▸ **Records shown**:
(* There exists a function $f:\mathbb{N}\to\mathbb{N}$ such that for every natural number $k$, no $k$-modular permutation graph contains an induced path with more than $f(k)$ vertices.
   Context: A permutation graph is the intersection graph of the line segments of a permutation diagram: two parallel horizontal lines, points labelled $1,\ldots,n$ on each, and a segment joining the two points with the same label. A module of a graph $G=(V,E)$ is a set $M\subseteq V$ such that every vertex outside $M$ is adjacent either to all vertices of $M$ or to none of them. A module is strong if it does not overlap any other module. The strong modules form the modular decomposition tree of $G$: each internal node $N$ has as children its maximal proper strong submodules $M_1,\ldots,M_m$, with quotient graph $H_N$ on $\{M_1,\ldots,M_m\}$ where $M_i\sim M_j$ iff all edges between $M_i$ and $M_j$ are present; $N$ is a prime node if $H_N$ is neither edgeless nor complete. A graph is $k$-modular if for every prime node $N$ the quotient graph $H_N$ has at most $k$ vertices. *)

From mathcomp Require Import all_boot.
Set Implicit Arguments. Unset Strict Implicit. Unset Printing Implicit Defensive.

Section Defs.
Variable T : finType.
Variable e : rel T.

(* Permutation graph: vertex x is the segment joining position p x on the top
   line to position q x on the bottom line (p, q injective, i.e. each vertex
   has its own label/point on each line); two distinct vertices are adjacent
   iff their segments cross, i.e. the two lines order them differently. *)
Definition permutation_graph : Prop :=
  exists (p q : T -> nat), injective p /\ injective q /\
    forall x y : T, e x y = (x != y) && ((p x < p y) != (q x < q y)).
(* Assume $\beta_\Omega>1$ and fix $\lambda>0$ and $\tau$ with $\frac{1}{\beta_\Omega}<\tau<1$. Then there exists $\varepsilon_0>0$ such that for each $\varepsilon\in(0,\varepsilon_0]$ there is $\delta_1>0$ with the property that for every $0<\delta\le\delta_1$ the function $\psi(x)=\delta(\phi_\Omega(x)+\varepsilon)^\tau$, $x\in\overline{\Omega}$, is a supersolution of (P), i.e. $-\Delta\psi\ge\psi-\psi^p$ in $\Omega$ and $\frac{\partial\psi}{\partial\nu}\ge-\lambda\psi^q$ on $\partial\Omega$.
   Context: $\Omega\subset\mathbb{R}^N$ is a bounded domain with smooth boundary $\partial\Omega$, $\nu$ the unit outer normal, $0<q<1<p$. Problem (P): $-\Delta u=u-u^p$ in $\Omega$, $u\ge0$, $\frac{\partial u}{\partial\nu}=-\lambda u^q$ on $\partial\Omega$. $\beta_\Omega$ is the smallest Dirichlet eigenvalue of $-\Delta$ in $\Omega$ and $\phi_\Omega\in C^{2+\theta}(\overline{\Omega})$ a fixed associated eigenfunction with $\phi_\Omega>0$ in $\Omega$, $\phi_\Omega=0$ on $\partial\Omega$ (so $-\partial\phi_\Omega/\partial\nu$ is bounded between positive constants on $\partial\Omega$). *)

From HB Require Import structures.
From mathcomp Require Import all_boot all_order all_algebra.
From mathcomp Require Import all_classical all_reals all_analysis.
Import Order.TTheory GRing.Theory Num.Theory.
Import numFieldNormedType.Exports.
Set Implicit Arguments. Unset Strict Implicit. Unset Printing Implicit Defensive.
Local Open Scope classical_set_scope.
Local Open Scope ring_scope.

Section PDEDefs.
Context {R : realType} {N : nat}.
Local Notation V := 'rV[R]_N.

Definition ebasis (i : 'I_N) : V := delta_mx 0 i.
Definition pd (i : 'I_N) (f : V -> R) : V -> R := fun x => 'D_(ebasis i) f x.
Definition laplacian (f : V -> R) (x : V) : R := \sum_(i < N) pd i (pd i f) x.
Definition grad (f : V -> R) (x : V) : V := \row_(i < N) pd i f x.
Definition edot (u v : V) : R := \sum_(i < N) u ord0 i * v ord0 i.
Definition enorm (v : V) : R := Num.sqrt (edot v v).

Fixpoint iterD (vs : seq V) (f : V -> R) : V -> R :=
  match vs with
  | [::] => f
  | v :: vs' => fun x => 'D_v (iterD vs' f) x
  end.
Definition smooth_fun (f : V -> R) : Prop :=
  forall (vs : seq V) (x : V), differentiable (iterD vs f) x.

Definition C2_fun (f : V -> R) : Prop :=
  (forall x, differentiable f x) /\
  (forall j x, differentiable (pd j f) x) /\
  (forall i j, continuous (pd i (pd j f))).

Definition closure_of (O : set V) : set V := closure O.
Definition bdry (O : set V) : set V := closure O `\` O.

Definition smooth_bounded_domain (O : set V) (rho : V -> R) : Prop :=
  [/\ open O, connected O, O !=set0 & bounded_set O] /\
  [/\ smooth_fun rho, O = [set x | rho x < 0] &
      forall x, bdry O x -> rho x = 0 /\ grad rho x != 0].

Definition outer_normal (rho : V -> R) (x : V) : V :=
  (enorm (grad rho x))^-1 *: grad rho x.
Definition dnormal (rho : V -> R) (u : V -> R) (x : V) : R :=
  edot (grad u x) (outer_normal rho x).

(* classical Dirichlet eigenfunction of -Delta with eigenvalue b
   (C^2 up to the boundary, represented as the restriction of a C^2 function on R^N) *)
Definition dirichlet_eigenfunction (O : set V) (b : R) (u : V -> R) : Prop :=
  [/\ C2_fun u, exists2 x, O x & u x != 0,
      forall x, O x -> - laplacian u x = b * u x &
      forall x, bdry O x -> u x = 0].
Definition dirichlet_eigenvalue (O : set V) (b : R) : Prop :=
  exists u, dirichlet_eigenfunction O b u.
Definition smallest_dirichlet_eigenvalue (O : set V) (b : R) : Prop :=
  dirichlet_eigenvalue O b /\ forall m, dirichlet_eigenvalue O m -> b <= m.

Definition supersolution (O : set V) (rho : V -> R) (p q lam : R) (psi : V -> R) : Prop :=
  (forall x, O x -> - laplacian psi x >= psi x - psi x `^ p) /\
  (forall x, bdry O x -> dnormal rho psi x >= - lam * psi x `^ q).

End PDEDefs.

From HB Require Import structures.
From mathcomp Require Import all_boot all_order all_algebra.
From mathcomp Require Import all_classical all_reals all_analysis.
From mathcomp Require Import ring lra.
Import Order.TTheory GRing.Theory Num.Theory.
Import numFieldNormedType.Exports.
Local Open Scope classical_set_scope.
Local Open Scope ring_scope.

(* Writing F = φ + ε and |∇φ|² for the squared gradient, the chain rule gives
     -Δψ = ψ · ( τ(1-τ) |∇φ|² / F²  +  τβ φ / F ),
   so -Δψ ≥ ψ ≥ ψ - ψ^p as soon as one of the two terms is at least 1:
   - far from the boundary (φ ≥ η) the eigenvalue term is ≥ 1 when ε is
     small compared with (τβ - 1) η, which uses τβ > 1;
   - near the boundary (φ < η) the gradient term is ≥ 1, because |∇φ|² is
     bounded below there (it is ≥ c₁² on ∂Ω, and Ω̅ is compact) and F ≤ 2η.
   On ∂Ω, φ = 0, so ∂ψ/∂ν = δ τ ε^(τ-1) ∂φ/∂ν ≥ -δ τ ε^(τ-1) c₂, which
   dominates -λ ψ^q = -λ δ^q ε^(τq) once δ^(1-q) is small, since q < 1. *)

Lemma powR_subr1 {R : realType} (F t : R) : 0 < F -> F `^ (t - 1) = F `^ t / F.
Proof.
move=> F0; rewrite powRB; last by rewrite (gt_eqF F0) implybT.
by rewrite powRr1 // ltW.
Qed.

Lemma powR_subr2 {R : realType} (F t : R) :
  0 < F -> F `^ (t - 2) = F `^ t / F ^+ 2.
Proof.
move=> F0; rewrite powRB; last by rewrite (gt_eqF F0) implybT.
by rewrite (powR_mulrn 2) // ltW.
Qed.

Section Calculus.
Context {R : realType} {N : nat}.
Local Notation V := 'rV[R]_N.

Lemma differentiable_derive_powR (f : V -> R) (a : R) (x v : V) :
  differentiable f x -> 0 < f x ->
  differentiable (fun y => f y `^ a) x /\
  'D_v (fun y => f y `^ a) x = a * f x `^ (a - 1) * 'D_v f x.
Proof.
move=> df fx0.
have dpow : differentiable (fun t : R => t `^ a) (f x).
  apply/derivable1_diffP; apply: (@derivable_powR R 1 a (f x)).
  by rewrite in_itv /= fx0.
have dcomp : differentiable ((fun t : R => t `^ a) \o f) x
  by exact: differentiable_comp.
split; first exact: dcomp.
rewrite (_ : (fun y => f y `^ a) = (fun t : R => t `^ a) \o f) //.
rewrite deriveE // diff_comp // /= deriveE //.
rewrite (diff1E dpow) powR_derive1 ?in_itv /= ?fx0 //.
by rewrite [X in X = _]mulrC.
Qed.

Lemma pd_scaled_powR (F : V -> R) (d t : R) (x : V) (i : 'I_N) :
  differentiable F x -> 0 < F x ->
  pd i (fun y => d * F y `^ t) x = d * (t * F x `^ (t - 1) * pd i F x).
Proof.
move=> dF Fx0.
have [dpow Dpow] := differentiable_derive_powR F t x (ebasis i) dF Fx0.
by rewrite /pd (deriveMl d (diff_derivable (v := ebasis i) dpow)) Dpow.
Qed.

Lemma pd2_scaled_powR (F : V -> R) (d t : R) (x : V) (i : 'I_N) :
  (forall y, differentiable F y) -> differentiable (pd i F) x -> 0 < F x ->
  pd i (pd i (fun y => d * F y `^ t)) x =
  d * t * ((t - 1) * F x `^ (t - 2) * pd i F x * pd i F x
           + F x `^ (t - 1) * pd i (pd i F) x).
Proof.
move=> dF dpF Fx0.
have first_near : \forall y \near x, pd i (fun y => d * F y `^ t) y =
    d * ((t * F y `^ (t - 1)) * pd i F y).
  have /cvgr_gt Fpos := differentiable_continuous (dF x).
  by near=> y; apply: pd_scaled_powR => //; near: y; exact: Fpos.
have [dpow1 Dpow1] :=
  differentiable_derive_powR F (t - 1) x (ebasis i) (dF x) Fx0.
have der_pow : derivable (fun y => t * F y `^ (t - 1)) x (ebasis i).
  exact: derivableM (derivable_cst _ _ _) (diff_derivable (v := ebasis i) dpow1).
have der_pd : derivable (pd i F) x (ebasis i) := diff_derivable (v := ebasis i) dpF.
rewrite /pd (near_eq_derive _ first_near).
rewrite (deriveMl d (derivableM der_pow der_pd)) (deriveM der_pow der_pd).
rewrite (deriveMl t (diff_derivable (v := ebasis i) dpow1)) Dpow1.
rewrite -/(pd i F x) -/(pd i (pd i F) x) /pd.
have -> : t - 1 - 1 = t - 2 by rewrite -addrA -opprD.
rewrite /GRing.scale /=; ring.
Unshelve. all: by end_near.
Qed.

Lemma pd_addr (f : V -> R) (e : R) (i : 'I_N) :
  (forall y, differentiable f y) -> pd i (fun y => f y + e) = pd i f.
Proof.
move=> df; apply/funext => y; rewrite /pd.
have := deriveD (diff_derivable (v := ebasis i) (df y))
  (derivable_cst e y (ebasis i)).
by rewrite derive_cst addr0 => <-.
Qed.

Definition grad_sq (u : V -> R) (x : V) : R := \sum_(i < N) pd i u x ^+ 2.

Definition shifted_power (phi : V -> R) (eps delta tau : R) (y : V) : R :=
  delta * (phi y + eps) `^ tau.

Section PowerOfShift.
Variables (phi : V -> R) (eps delta tau : R).
Hypothesis phi_diff : forall y, differentiable phi y.
Local Notation psi := (shifted_power phi eps delta tau).

Let shift_diff (y : V) : differentiable (fun z => phi z + eps) y.
Proof. exact: differentiableD (phi_diff y) (differentiable_cst eps y). Qed.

▸ **What is required**:
Those lines above that contain the string "modular" should be returned.

▸ **Task output**:
(* There exists a function $f:\mathbb{N}\to\mathbb{N}$ such that for every natural number $k$, no $k$-modular permutation graph contains an induced path with more than $f(k)$ vertices.
   Context: A permutation graph is the intersection graph of the line segments of a permutation diagram: two parallel horizontal lines, points labelled $1,\ldots,n$ on each, and a segment joining the two points with the same label. A module of a graph $G=(V,E)$ is a set $M\subseteq V$ such that every vertex outside $M$ is adjacent either to all vertices of $M$ or to none of them. A module is strong if it does not overlap any other module. The strong modules form the modular decomposition tree of $G$: each internal node $N$ has as children its maximal proper strong submodules $M_1,\ldots,M_m$, with quotient graph $H_N$ on $\{M_1,\ldots,M_m\}$ where $M_i\sim M_j$ iff all edges between $M_i$ and $M_j$ are present; $N$ is a prime node if $H_N$ is neither edgeless nor complete. A graph is $k$-modular if for every prime node $N$ the quotient graph $H_N$ has at most $k$ vertices. *)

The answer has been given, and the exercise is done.